Work order – Only one stretch of the data below is wanted: the lines from the one with "Lemma sgp_left_near p" through the one with "rewrite /variation -mulrA", repeated exactly.

[Opening Input section]

(* Let $\Phi(\omega)=\frac{\alpha\omega+\beta}{\gamma\omega+\delta}$ with $\alpha,\beta,\gamma,\delta\in\mathbb{R}$, $\alpha\delta-\beta\gamma=1$, and let $R$ be a real rational function such that $\Phi\circ R$ is a rational function (i.e. $R$ is not the constant $-\delta/\gamma$). Then $$\operatorname{Ind}_{\mathbb{P}\mathbb{R}}(\Phi\circ R)=\operatorname{Ind}_{\mathbb{P}\mathbb{R}}(R).$$
   Context: For a real rational function $R$ and a real pole $\omega_0$ of $R$ of odd order, $\operatorname{Ind}_{\omega_0}(R)=+1$ if $R(\omega_0-0)<0<R(\omega_0+0)$ and $-1$ if $R(\omega_0-0)>0>R(\omega_0+0)$; $\operatorname{Ind}_{-\infty}^{+\infty}(R)$ is the sum of these over all real poles of $R$ of odd order. Writing $R=f_1/f_0$, $R$ has a pole at $\infty$ of order $\deg f_1-\deg f_0$ when this is positive; if this order is odd, $\operatorname{Ind}_\infty(R)=+1$ if $R(+\infty)<0<R(-\infty)$ and $-1$ if $R(+\infty)>0>R(-\infty)$; otherwise $\operatorname{Ind}_\infty(R)=0$. Then $\operatorname{Ind}_{\mathbb{P}\mathbb{R}}(R)=\operatorname{Ind}_{-\infty}^{+\infty}(R)+\operatorname{Ind}_\infty(R)$ (constants have index $0$). *)

From HB Require Import structures.
From mathcomp Require Import all_boot all_order all_algebra.
From mathcomp Require Import polyrcf.
From mathcomp Require Import boolp reals.
Set Implicit Arguments. Unset Strict Implicit. Unset Printing Implicit Defensive.
Import Order.TTheory GRing.Theory Num.Theory.
Local Open Scope ring_scope.

Section CauchyIndex.
Variable R : realType.

(* A real rational function is represented by a pair (f1, f0) of real
   polynomials with f0 != 0, standing for f1 / f0. *)
Definition rat_eval (f1 f0 : {poly R}) (x : R) : R := f1.[x] / f0.[x].

(* order of w as a pole of f1/f0 (positive iff w is a pole); independent of
   the representation (f1, f0) *)
Definition pole_order (f1 f0 : {poly R}) (w : R) : int := (mup w f0)%:Z - (mup w f1)%:Z.

Definition odd_pole (f1 f0 : {poly R}) (w : R) : bool :=
  [&& f1 != 0, 0 < pole_order f1 f0 w & odd `|pole_order f1 f0 w|%N].

Definition left_neg (r : R -> R) (w : R) := exists2 e : R, 0 < e & forall y, w - e < y < w -> r y < 0.
Definition left_pos (r : R -> R) (w : R) := exists2 e : R, 0 < e & forall y, w - e < y < w -> 0 < r y.
Definition right_neg (r : R -> R) (w : R) := exists2 e : R, 0 < e & forall y, w < y < w + e -> r y < 0.
Definition right_pos (r : R -> R) (w : R) := exists2 e : R, 0 < e & forall y, w < y < w + e -> 0 < r y.

Definition pinfty_neg (r : R -> R) := exists M : R, forall y, M < y -> r y < 0.
Definition pinfty_pos (r : R -> R) := exists M : R, forall y, M < y -> 0 < r y.
Definition minfty_neg (r : R -> R) := exists M : R, forall y, y < M -> r y < 0.
Definition minfty_pos (r : R -> R) := exists M : R, forall y, y < M -> 0 < r y.

Definition Ind_at (f1 f0 : {poly R}) (w : R) : int :=
  let r := rat_eval f1 f0 in
  if odd_pole f1 f0 w then
    if `[< left_neg r w /\ right_pos r w >] then 1
    else if `[< left_pos r w /\ right_neg r w >] then -1
    else 0
  else 0.

(* Ind_{-oo}^{+oo}(R): sum over all real poles of odd order; every pole of
   f1/f0 is a real root of f0, and rootsR f0 lists them all (f0 != 0). *)
Definition Ind_real (f1 f0 : {poly R}) : int := \sum_(w <- rootsR f0) Ind_at f1 f0 w.

Definition inf_order (f1 f0 : {poly R}) : int := (size f1)%:Z - (size f0)%:Z.

Definition Ind_inf (f1 f0 : {poly R}) : int :=
  let r := rat_eval f1 f0 in
  if (0 < inf_order f1 f0) && odd `|inf_order f1 f0|%N then
    if `[< pinfty_neg r /\ minfty_pos r >] then 1
    else if `[< pinfty_pos r /\ minfty_neg r >] then -1
    else 0
  else 0.

Definition Ind_PR (f1 f0 : {poly R}) : int := Ind_real f1 f0 + Ind_inf f1 f0.

End CauchyIndex.

From HB Require Import structures.
From mathcomp Require Import all_boot all_order all_algebra.
From mathcomp Require Import polyrcf polyorder qe_rcf_th.
From mathcomp Require Import boolp reals.
From mathcomp Require Import ring.
Set Implicit Arguments.
Unset Strict Implicit.
Unset Printing Implicit Defensive.

Import Order.TTheory GRing.Theory Num.Theory.
Local Open Scope ring_scope.

(* Ind_PR f1 f0 is the Cauchy index cindexR f1 f0 of the real-closed-field
   library (the sum of the jumps of f1/f0 at the real roots of f0) plus a jump
   at infinity. Both parts are unchanged under w |-> k w + t with k > 0 and
   under scaling f1 and f0 by the same constant. For the inversion
   w |-> -1/w, Cauchy's reciprocity (the step of Sturm's algorithm) says that
   the finite parts for f1/f0 and f0/f1 add up to the total jump crossR (f0 f1)
   from -oo to +oo, which the jumps at infinity exactly compensate. Finally
   Phi w = a/c - 1/(c (c w + d)) when c != 0, and Phi w = (a/d) w + b/d with
   a/d = a^2 > 0 when c = 0. *)

Section SignsAndJumps.
Variable R : rcfType.
Implicit Types (p q : {poly R}) (k w x : R).

Lemma sgp_right_near p w : p != 0 ->
  exists2 e, 0 < e & forall y, w < y < w + e -> Num.sg p.[y] = sgp_right p w.
Proof.
move=> p_neq0; have w_lt : w < w + 1 by rewrite ltrDl.
have next_gt := next_root_gt w_lt p_neq0.
exists (next_root p w (w + 1) - w); first by rewrite subr_gt0.
move=> y /andP[w_lt_y y_lt]; apply: (sgr_neighpr (b := w + 1)).
by rewrite /neighpr in_itv /= w_lt_y -(subrK w (next_root _ _ _)) addrC.
Qed.

Lemma sgp_left_near p w : p != 0 -> exists2 e, 0 < e &
  forall y, w - e < y < w -> Num.sg p.[y] = (-1) ^+ odd (\mu_w p) * sgp_right p w.
Proof.
move=> p_neq0; have w_gt : w - 1 < w by rewrite gtrBl.
have prev_lt := prev_root_lt w_gt p_neq0.
exists (w - prev_root p (w - 1) w); first by rewrite subr_gt0.
move=> y /andP[y_gt y_lt_w]; apply: (sgr_neighpl (a := w - 1)).
by rewrite /neighpl in_itv /= y_lt_w andbT; move: y_gt; rewrite opprB addrC subrK.
Qed.

Lemma sgp_right_sign p w : p != 0 ->
  sgp_right p w = (-1) ^+ (sgp_right p w < 0)%R.
Proof.
move=> p_neq0; have [e e_gt0 near] := sgp_right_near w p_neq0.
have w_lt : w < w + e by rewrite ltrDl.
have [w_lt_y y_lt] := midf_lt w_lt.
have y_near : w < (w + (w + e)) / 2 < w + e by rewrite w_lt_y y_lt.
by rewrite -(near _ y_near) -[LHS]sgr_id sgr_def near // sgp_right_eq0 p_neq0.
Qed.

Lemma sgp_minfty_mul p q : p != 0 -> q != 0 ->
  sgp_minfty (p * q) = (-1) ^+ odd (size p + size q) * sgp_pinfty (p * q).
Proof.
move=> p_neq0 q_neq0; rewrite /sgp_minfty /sgp_pinfty sgrM sgrX sgrN1 size_mul //.
have : (1 < size p + size q)%N by rewrite -addn1 leq_add ?size_poly_gt0.
by rewrite -[in LHS]signr_odd; case: (size p + size q)%N => [|[|n]] //= _; rewrite negbK.
Qed.

Lemma crossR_mul p q : p != 0 -> q != 0 ->
  crossR (p * q) =
  if odd (size p + size q) then sgz (lead_coef p * lead_coef q) else 0.
Proof.
move=> p_neq0 q_neq0; rewrite /crossR sgp_minfty_mul // /sgp_pinfty lead_coefM.
rewrite /variation -mulrA -expr2 sqr_sg mulf_neq0 ?lead_coef_eq0 // mulr1 sgz_sgr.
by case: odd; rewrite ?expr1 ?ltrN10 ?expr0 ?ltr10 ?mulr1 ?mulr0.
Qed.

Lemma jump_mu_le q p x : (\mu_x p <= \mu_x q)%N -> jump q p x = 0.
Proof. by rewrite /jump -subn_eq0 => /eqP ->; rewrite andbF. Qed.

Lemma jump_addZr k (f1 f0 : {poly R}) x : f0 != 0 ->
  jump (f1 + k *: f0) f0 x = jump f1 f0 x.
Proof.
move=> f0_neq0; have [->|k_neq0] := eqVneq k 0; first by rewrite scale0r addr0.
have [->|f1_neq0] := eqVneq f1 0.
  by rewrite add0r jump0p jump_mulCp jump_mu_le ?mulr0.
have [mu_lt|mu_ge] := ltnP (\mu_x f1) (\mu_x f0).
  have mu_sum : \mu_x (f1 + k *: f0) = \mu_x f1 by rewrite mu_addr // mu_mulC.
  have sum_neq0 : f1 + k *: f0 != 0.
    apply: contraTneq mu_lt => /eqP; rewrite addr_eq0 => /eqP ->.
    by rewrite -leqNgt mu_opp mu_mulC.
  rewrite /jump sum_neq0 f1_neq0 mu_sum mulrDl addrC sgp_right_addp0 ?mulf_neq0 //.
  by rewrite -scalerAl mu_mulC // !mu_mul ?mulf_neq0 // ltn_add2r.
rewrite [RHS]jump_mu_le //.
have [->|sum_neq0] := eqVneq (f1 + k *: f0) 0; first by rewrite jump0p.
have f0_dvd_f1 : ('X - x%:P) ^+ \mu_x f0 %| f1.
  exact: dvdp_trans (dvdp_exp2l _ mu_ge) (root_mu _ _).
by rewrite jump_mu_le // -root_le_mu // dvdp_add // dvdpZr // root_mu.
Qed.

Lemma rootsRZ k p : k != 0 -> rootsR (k *: p) = rootsR p.
Proof.
move=> k_neq0; have [->|p_neq0] := eqVneq p 0; first by rewrite scaler0.
have kp_neq0 : k *: p != 0 by rewrite scaler_eq0 negb_or k_neq0.
rewrite /rootsR rootsZ //; apply: rootsRP => x x_out.
  by have := le_cauchy_bound kp_neq0 x_out; rewrite rootZ.
by have := ge_cauchy_bound kp_neq0 x_out; rewrite rootZ.
Qed.

Lemma cindexR_mulCp k p q : cindexR (k *: p) q = sgz k * cindexR p q.
Proof.
by rewrite /cindexR big_distrr; apply: eq_bigr => x _; rewrite jump_mulCp.
Qed.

[Closing Input section]

Your response –
Lemma sgp_left_near p w : p != 0 -> exists2 e, 0 < e &
  forall y, w - e < y < w -> Num.sg p.[y] = (-1) ^+ odd (\mu_w p) * sgp_right p w.
Proof.
move=> p_neq0; have w_gt : w - 1 < w by rewrite gtrBl.
have prev_lt := prev_root_lt w_gt p_neq0.
exists (w - prev_root p (w - 1) w); first by rewrite subr_gt0.
move=> y /andP[y_gt y_lt_w]; apply: (sgr_neighpl (a := w - 1)).
by rewrite /neighpl in_itv /= y_lt_w andbT; move: y_gt; rewrite opprB addrC subrK.
Qed.

Lemma sgp_right_sign p w : p != 0 ->
  sgp_right p w = (-1) ^+ (sgp_right p w < 0)%R.
Proof.
move=> p_neq0; have [e e_gt0 near] := sgp_right_near w p_neq0.
have w_lt : w < w + e by rewrite ltrDl.
have [w_lt_y y_lt] := midf_lt w_lt.
have y_near : w < (w + (w + e)) / 2 < w + e by rewrite w_lt_y y_lt.
by rewrite -(near _ y_near) -[LHS]sgr_id sgr_def near // sgp_right_eq0 p_neq0.
Qed.

Lemma sgp_minfty_mul p q : p != 0 -> q != 0 ->
  sgp_minfty (p * q) = (-1) ^+ odd (size p + size q) * sgp_pinfty (p * q).
Proof.
move=> p_neq0 q_neq0; rewrite /sgp_minfty /sgp_pinfty sgrM sgrX sgrN1 size_mul //.
have : (1 < size p + size q)%N by rewrite -addn1 leq_add ?size_poly_gt0.
by rewrite -[in LHS]signr_odd; case: (size p + size q)%N => [|[|n]] //= _; rewrite negbK.
Qed.

Lemma crossR_mul p q : p != 0 -> q != 0 ->
  crossR (p * q) =
  if odd (size p + size q) then sgz (lead_coef p * lead_coef q) else 0.
Proof.
move=> p_neq0 q_neq0; rewrite /crossR sgp_minfty_mul // /sgp_pinfty lead_coefM.
rewrite /variation -mulrA -expr2 sqr_sg mulf_neq0 ?lead_coef_eq0 // mulr1 sgz_sgr.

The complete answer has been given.